Statistical analysis is an important tool in experimental research and is essential for the reliable interpretation of experimental results. It is essential that statistical design should be considered at the very beginning of a research project, not merely as an afterthought. For example if the sample size for an experiment only allows for an underpowered statistical analysis, then the interpretation of the experiment will have to be limited.

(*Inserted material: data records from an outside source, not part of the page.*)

(* Let $G=(V,E,w)$ be a revenue instance on $|V|=n$ data points with weights $w_{ij}\in[0,1]$, and let $T^O$ be a binary HC tree maximizing $rev_G$. Then for any $\epsilon>0$ there exists an HC tree $\tilde T$ on $V$ such that (i) $\tilde T$ contains $\Theta(1/\epsilon)$ internal nodes, each with at most $3\epsilon n$ children, and (ii) $rev_G(\tilde T)\ge (1-19\epsilon)\,rev_G(T^O)$.
   Context: An HC tree on a set $V$ of $n$ data points is a rooted tree whose leaves are in bijective correspondence with $V$. For data points $i,j$, $T_{ij}$ denotes the subtree rooted at the lowest common ancestor of $i$ and $j$ in $T$, and $|T_{ij}|$ is its number of leaves. For a weighted graph $G=(V,E,w)$ with similarity weights $w_{ij}\in[0,1]$ (absent edges have weight $0$), the revenue of an HC tree $T$ is $rev_G(T)=\sum_{i<j} w_{ij}(n-|T_{ij}|)$; this same formula is used for non-binary trees. *)

From HB Require Import structures.
From mathcomp Require Import all_boot all_order all_algebra.
Set Implicit Arguments. Unset Strict Implicit. Unset Printing Implicit Defensive.
Import Order.TTheory GRing.Theory Num.Theory.

Inductive tree (T : Type) : Type :=
| Leaf of T
| Node of seq (tree T).
Arguments Leaf {T}.
Arguments Node {T}.

Section Trees.
Variable n : nat.
Notation V := 'I_n.

Fixpoint leaves (t : tree V) : seq V :=
  match t with
  | Leaf x => [:: x]
  | Node ts =>
      (fix go (ts : seq (tree V)) : seq V :=
         match ts with [::] => [::] | c :: cs => leaves c ++ go cs end) ts
  end.

Fixpoint all_nodes (P : seq (tree V) -> bool) (t : tree V) : bool :=
  match t with
  | Leaf _ => true
  | Node ts =>
      P ts &&
      (fix go (ts : seq (tree V)) : bool :=
         match ts with [::] => true | c :: cs => all_nodes P c && go cs end) ts
  end.

Fixpoint num_internal (t : tree V) : nat :=
  match t with
  | Leaf _ => 0
  | Node ts =>
      ((fix go (ts : seq (tree V)) : nat :=
         match ts with [::] => 0 | c :: cs => num_internal c + go cs end) ts).+1
  end.

Definition is_hc_tree (t : tree V) : bool :=
  perm_eq (leaves t) (enum 'I_n) && all_nodes (fun ts => size ts != 0) t.

Definition is_binary (t : tree V) : bool :=
  all_nodes (fun ts => size ts == 2) t.

(* |T_ij|: number of leaves of the subtree rooted at the lowest common
   ancestor of i and j (descend into the child containing both, if any). *)
Fixpoint lca_size (i j : V) (t : tree V) : nat :=
  match t with
  | Leaf _ => 1
  | Node ts =>
      odflt (size (leaves t))
        ((fix go (ts : seq (tree V)) : option nat :=
            match ts with
            | [::] => None
            | c :: cs =>
                if (i \in leaves c) && (j \in leaves c)
                then Some (lca_size i j c) else go cs
            end) ts)
  end.

Definition hc_rev (R : pzRingType) (w : V -> V -> R) (t : tree V) : R :=
  \sum_(i < n) \sum_(j < n | (i < j)%N) w i j * (n - lca_size i j t)%:R.

End Trees.

(* Let K be the integer part of eps n.  Call a subtree of the optimal binary
   tree T^O light if it has at most K leaves.  Contract T^O top-down: keep every
   node whose two children are heavy, and along each heavy path glue the light
   subtrees hanging off it into flat nodes, flushed as soon as they hold K
   leaves.  Every node of the result has at most 2K <= 3 eps n children, there
   are Theta(n / K) = Theta(1 / eps) internal nodes, and every subtree of T^O
   sits inside a subtree of the contraction with at most 2K more leaves.  Hence
   every |T_ij| grows by at most 2K and the revenue drops by at most 2K W, where
   W is the total weight.
   On the other hand, cut V into four quarters of at least q = n / 4 points each
   and pair them up in the three possible ways: every pair i, j lies on a common
   side of one of the three resulting bipartitions, whose other side then has at
   least 2q points.  Comparing T^O with these three trees gives
   3 rev(T^O) >= 2q W, and 2K W <= 19 eps rev(T^O) once n >= 20 (for smaller n,
   19 eps >= 1 and the claim is trivial). *)

From HB Require Import structures.
From mathcomp Require Import all_boot all_order all_algebra.
From mathcomp Require Import zify ring lra.
Import Order.TTheory GRing.Theory Num.Theory.
Set Implicit Arguments. Unset Strict Implicit. Unset Printing Implicit Defensive.

Section Trees.
Variable n : nat.
Notation V := 'I_n.
Implicit Types (t s u l r : tree V) (ts : seq (tree V)) (i j x : V).

Section NestedInduction.
Variable P : tree V -> Prop.
Hypothesis P_leaf : forall x, P (Leaf x).
Hypothesis P_node : forall ts, (forall c, List.In c ts -> P c) -> P (Node ts).

Fixpoint tree_nested_ind t : P t :=
  match t with
  | Leaf x => P_leaf x
  | Node ts => P_node
      ((fix children ts : forall c, List.In c ts -> P c :=
         match ts return forall c, List.In c ts -> P c with
         | [::] => fun c (F : False) => False_ind _ F
         | c0 :: cs => fun c in_c =>
             match in_c with
             | or_introl E => eq_ind c0 P (tree_nested_ind c0) c E
             | or_intror in_cs => children cs c in_cs
             end
         end) ts)
  end.
End NestedInduction.

Lemma leaves_node ts : leaves (Node ts) = flatten (map (@leaves n) ts).
Proof. by elim: ts => //= c cs ->. Qed.

Lemma size_leaves_node ts : size (leaves (Node ts)) = \sum_(c <- ts) size (leaves c).
Proof. by rewrite leaves_node size_flatten /shape -map_comp sumnE big_map. Qed.

Lemma all_nodes_node P ts : all_nodes P (Node ts) = P ts && all (all_nodes P) ts.
Proof. by rewrite /=; congr (_ && _); elim: ts => //= c cs ->. Qed.

Lemma num_internal_node ts :
  num_internal (Node ts) = (\sum_(c <- ts) num_internal c).+1.
Proof. by rewrite /=; congr S; elim: ts => [|c cs ->]; rewrite ?big_nil ?big_cons. Qed.

(* The local fixpoint in the definition of [lca_size], so that
   [lca_size_node] holds by conversion. *)
Definition lca_child i j :=
  fix go ts : option nat :=
    match ts with
    | [::] => None
    | c :: cs =>
        if (i \in leaves c) && (j \in leaves c) then Some (lca_size i j c) else go cs
    end.

Lemma lca_size_node i j ts :
  lca_size i j (Node ts) = odflt (size (leaves (Node ts))) (lca_child i j ts).
Proof. by []. Qed.

Lemma sub_all_nodes (P Q : pred (seq (tree V))) t :
  subpred P Q -> all_nodes P t -> all_nodes Q t.
Proof.
move=> PQ; elim/tree_nested_ind: t => [//|ts IH].
rewrite !all_nodes_node => /andP[/PQ -> all_ts] /=.
elim: ts IH all_ts => //= c cs IHcs IH /andP[c_P cs_P].
rewrite (IH c (or_introl erefl) c_P) /=.
by apply: IHcs cs_P => c' in_cs; apply: IH c' (or_intror in_cs).
Qed.

Lemma size_leaves_le_num_internal m t :
  all_nodes (fun ts => size ts <= m)%N t ->
  (size (leaves t) <= maxn 1 (m * num_internal t))%N.
Proof.
elim/tree_nested_ind: t => [x _|ts IH]; first by rewrite /= muln0.
rewrite all_nodes_node size_leaves_node num_internal_node => /andP[ts_m all_ts].
suff: (\sum_(c <- ts) size (leaves c) <= size ts + m * \sum_(c <- ts) num_internal c)%N.
  by move: ts_m; rewrite mulnS; lia.
elim: ts IH all_ts {ts_m} => [|c cs IHcs] IH /=; first by rewrite !big_nil.
case/andP=> c_m cs_m; rewrite !big_cons mulnDr.
have := IH c (or_introl erefl) c_m.
have := IHcs (fun c' in_cs => IH c' (or_intror in_cs)) cs_m.
lia.
Qed.

Definition flat (xs : seq V) : tree V := Node (map Leaf xs).

Lemma leaves_flat xs : leaves (flat xs) = xs.
Proof. by rewrite /flat leaves_node; elim: xs => //= x xs ->. Qed.

Lemma num_internal_flat xs : num_internal (flat xs) = 1%N.
Proof. by rewrite /flat num_internal_node big_map big1. Qed.

Lemma all_nodes_flat P xs : all_nodes P (flat xs) = P (map Leaf xs).
Proof. by rewrite /flat all_nodes_node (_ : all _ _ = true) ?andbT //; elim: xs. Qed.

Inductive subtree s : tree V -> Prop :=
| subtree_refl : subtree s s
| subtree_node ts c : List.In c ts -> subtree s c -> subtree s (Node ts).

Lemma subtree_trans s t u : subtree s t -> subtree t u -> subtree s u.
Proof. by move=> st; elim=> // ts c c_in _; apply: subtree_node. Qed.

Lemma subtree_child ts c : List.In c ts -> subtree c (Node ts).
Proof. by move=> c_in; apply: subtree_node c_in (subtree_refl _). Qed.

Lemma subtree_node2 s l r :
  subtree s (Node [:: l; r]) -> [\/ s = Node [:: l; r], subtree s l | subtree s r].
Proof.
move=> st; inversion st as [|ts c c_in sc]; first by constructor 1.
by case: c_in sc => [<-|[<-|//]]; [constructor 2 | constructor 3].
Qed.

An experiment cannot be reverse engineered to become more statically significant, although experiments can of course be repeated independently to account for biological variation (see section on technical versus biological replicates below). Statistical methods are tools applied to situations in which we encounter variability, noise and uncertainty. They help make more definitive scientific conclusions, and to make better use of available resources.
In this new EMBO Journal statistics series, I will introduce key concepts and best practices. The text will be short and conceptual in style, while the supplement will provide examples demonstrating the introduced concepts. I will use the free statistic software R (R Core Team, 2015) to illustrate examples, and readers can try the code on their own data.
In this first part, I will give some guidelines for initial study design and analysis of experiments. Subsequent columns will discuss specific statistical topics in more detail. Most of the issues touched upon in this first column are further discussed in the book of Ruxton and Colegrave (Ruxton & Colegrave, 2010), which includes many examples relevant to the analysis of experiments for biological researchers.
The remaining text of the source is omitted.